In two months you have built him up to 5 miles in 90 degree temps, or hotter. I don't understand why you can't understand what I am saying. And yes bikes stimulate the chase response which is why they do not recommend it as a safe way to exercise. I cannot ride a bike slow enough to keep a dog from breaking into a run. 

I am not saying you are some big meany, I'm saying you may be overworking a dog and mistaking his enthusiasm to be with you for a desire to run.


In any case if the dog is falling off at the end, especially in that heat, it's too much and should be looked at.


----------



## Beau's Mom (Nov 9, 2017)

Don’t discount the heat and humidity as factors, even if it feels good to you. Gandalf and his beautiful long coat could just not be very heat tolerant.

My Beau can’t handle the heat, and humidity makes it much worse for him. He loves fetch, and in the cold he’ll run full out for 45 minutes solid, pausing onlly milliseconds each time he returns the ball. I’m the one calling it quits at 45 min because he’s clearly slowing down and panting hard - he’d keep going til he dropped. He’s happiest with temps below 65 Fahrenheit. Much over 70,and he slows way down. Over 75, he quits fetching on his own after 10 minutes or so. 

Maybe humid mid-70s is too hot for Gandalf to run much, even at a trot?
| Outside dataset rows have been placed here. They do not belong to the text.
Lemma sup_eq_max (R : realType) (E : set R) (x : R) : E x -> ubound E x -> sup E = x.
Proof.
move=> Ex ubx; apply/le_anti/andP; split; first by apply: ge_sup; [exists x|].
by apply: ub_le_sup; [exists x|].
Qed.

Lemma inf_eq_min (R : realType) (E : set R) (x : R) : E x -> lbound E x -> inf E = x.
Proof.
move=> Ex lbx; apply/le_anti/andP; split; last by apply: lb_le_inf; [exists x|].
by apply: ge_inf; [exists x|].
Qed.

Section PositivePartSums.
Variable R : realDomainType.
Implicit Types d : nat -> R.

Lemma ler_sum_prefix_max0 d (k m : nat) :
  (k <= m)%N -> \sum_(0 <= t < k) d t <= \sum_(0 <= t < m) Num.max (d t) 0.
Proof.
move=> km; rewrite (big_cat_nat (leq0n k) km) /= -[leLHS]addr0 lerD //.
  by apply: ler_sum => t _; rewrite le_max lexx.
by apply: sumr_ge0 => t _; rewrite le_max lexx orbT.
Qed.

Lemma sum_max0_eq_prefix d (m : nat) :
  (forall s t, (s <= t < m)%N -> d t <= d s) ->
  exists2 k, (k <= m)%N & \sum_(0 <= t < k) d t = \sum_(0 <= t < m) Num.max (d t) 0.
Proof.
elim: m => [|m IH] d_noninc; first by exists 0%N; rewrite ?big_geq.
have [k km IHk] : exists2 k, (k <= m)%N &
    \sum_(0 <= t < k) d t = \sum_(0 <= t < m) Num.max (d t) 0.
  by apply: IH => s t /andP[st tm]; rewrite d_noninc // st ltnW.
rewrite big_nat_recr //=; have [dm_le0|dm_gt0] := leP (d m) 0.
  by exists k; [exact: leqW | rewrite IHk addr0].
exists m.+1 => //; rewrite big_nat_recr //=; congr (_ + _).
apply: eq_big_nat => t /andP[_ tm]; rewrite max_l //.
by rewrite (le_trans (ltW dm_gt0)) // d_noninc // (ltnW tm) ltnSn.
Qed.

End PositivePartSums.

Section AffineNear.
Variable R : realFieldType.
Implicit Types (f g : R -> R).

Definition affine_near f (l0 : R) :=
  exists e a b : R, 0 < e /\ forall l, `|l - l0| < e -> f l = a * l + b.

Lemma affine_gt0_near (u w l0 : R) : 0 < u * l0 + w ->
  exists2 e : R, 0 < e & forall l, `|l - l0| < e -> 0 < u * l + w.
Proof.
move=> v_gt0; have nu_gt0 : 0 < `|u| + 1 by rewrite ltr_pwDr.
exists ((u * l0 + w) / (`|u| + 1)) => [|l]; first by rewrite divr_gt0.
rewrite ltr_pdivlMr // mulrDr mulr1 mulrC => dist_lt.
have : - (`|u| * `|l - l0|) <= u * (l - l0) by rewrite -normrM lerNnormlW.
have : u * (l - l0) = u * l - u * l0 by ring.
have : 0 <= `|l - l0| by [].
lra.
Qed.

Lemma affine_near_eq f g (l0 e : R) : 0 < e ->
  (forall l, `|l - l0| < e -> f l = g l) -> affine_near g l0 -> affine_near f l0.
Proof.
move=> e_gt0 fg [e' [a [b [e'_gt0 gE]]]]; exists (Num.min e e'), a, b.
split=> [|l]; first by rewrite lt_min e_gt0.
by rewrite lt_min => /andP[le le']; rewrite fg // gE.
Qed.

Lemma affine_near_sum (I : eqType) (r : seq I) (F : I -> R -> R) (l0 : R) :
  {in r, forall i, affine_near (F i) l0} ->
  affine_near (fun l => \sum_(i <- r) F i l) l0.
Proof.
elim: r => [|i r IH] Faff.
  by exists 1, 0, 0; split=> // l _; rewrite big_nil mul0r addr0.
have [e1 [a1 [b1 [e1_gt0 E1]]]] := Faff i (mem_head i r).
have [e2 [a2 [b2 [e2_gt0 E2]]]] : affine_near (fun l => \sum_(j <- r) F j l) l0.
  by apply: IH => j jr; apply: Faff; rewrite inE jr orbT.
exists (Num.min e1 e2), (a1 + a2), (b1 + b2).
split=> [|l]; first by rewrite lt_min e1_gt0.
rewrite lt_min => /andP[l1 l2]; rewrite big_cons E1 // E2 //; ring.
Qed.

Lemma affine_near_max0 (u w l0 : R) : (u * l0 + w = 0 -> u = 0) ->
  affine_near (fun l => Num.max (u * l + w) 0) l0.
Proof.
move=> flat_root; have [v_lt0|v_gt0|v_eq0] := ltgtP (u * l0 + w) 0.
- have [|e e_gt0 near_neg] := @affine_gt0_near (- u) (- w) l0; first lra.
  exists e, 0, 0; split=> // l /near_neg v_neg.
  by rewrite max_r ?mul0r ?addr0 //; lra.
- have [e e_gt0 near_pos] := affine_gt0_near v_gt0.
  by exists e, u, w; split=> // l /near_pos/ltW v_pos; rewrite max_l.
- have u0 := flat_root v_eq0; move: v_eq0; rewrite u0 mul0r add0r => w0.
  by exists 1, 0, 0; split=> // l _; rewrite w0 !mul0r addr0 maxxx.
Qed.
Beau is working line, stock coat.


----------



## Heartandsoul (Jan 5, 2012)

Even with cooler temps, With all that Gandolph has gone through with his digestive issues, he may be prone to days where he may feel a little off but is still healthy. I think even though the vet said he is fine, blood work good etc, you still need to consider the kind of system he has to work with. 

It's kind of like the saying: work with the dog in front of you . One of my first thoughts when I read you're original post was "she put so much time, effort and love getting Gandolph healthy, why bother increasing the excersize. You have done really good by him and maybe he is at or just a tad above his personal maximum activity tolerance.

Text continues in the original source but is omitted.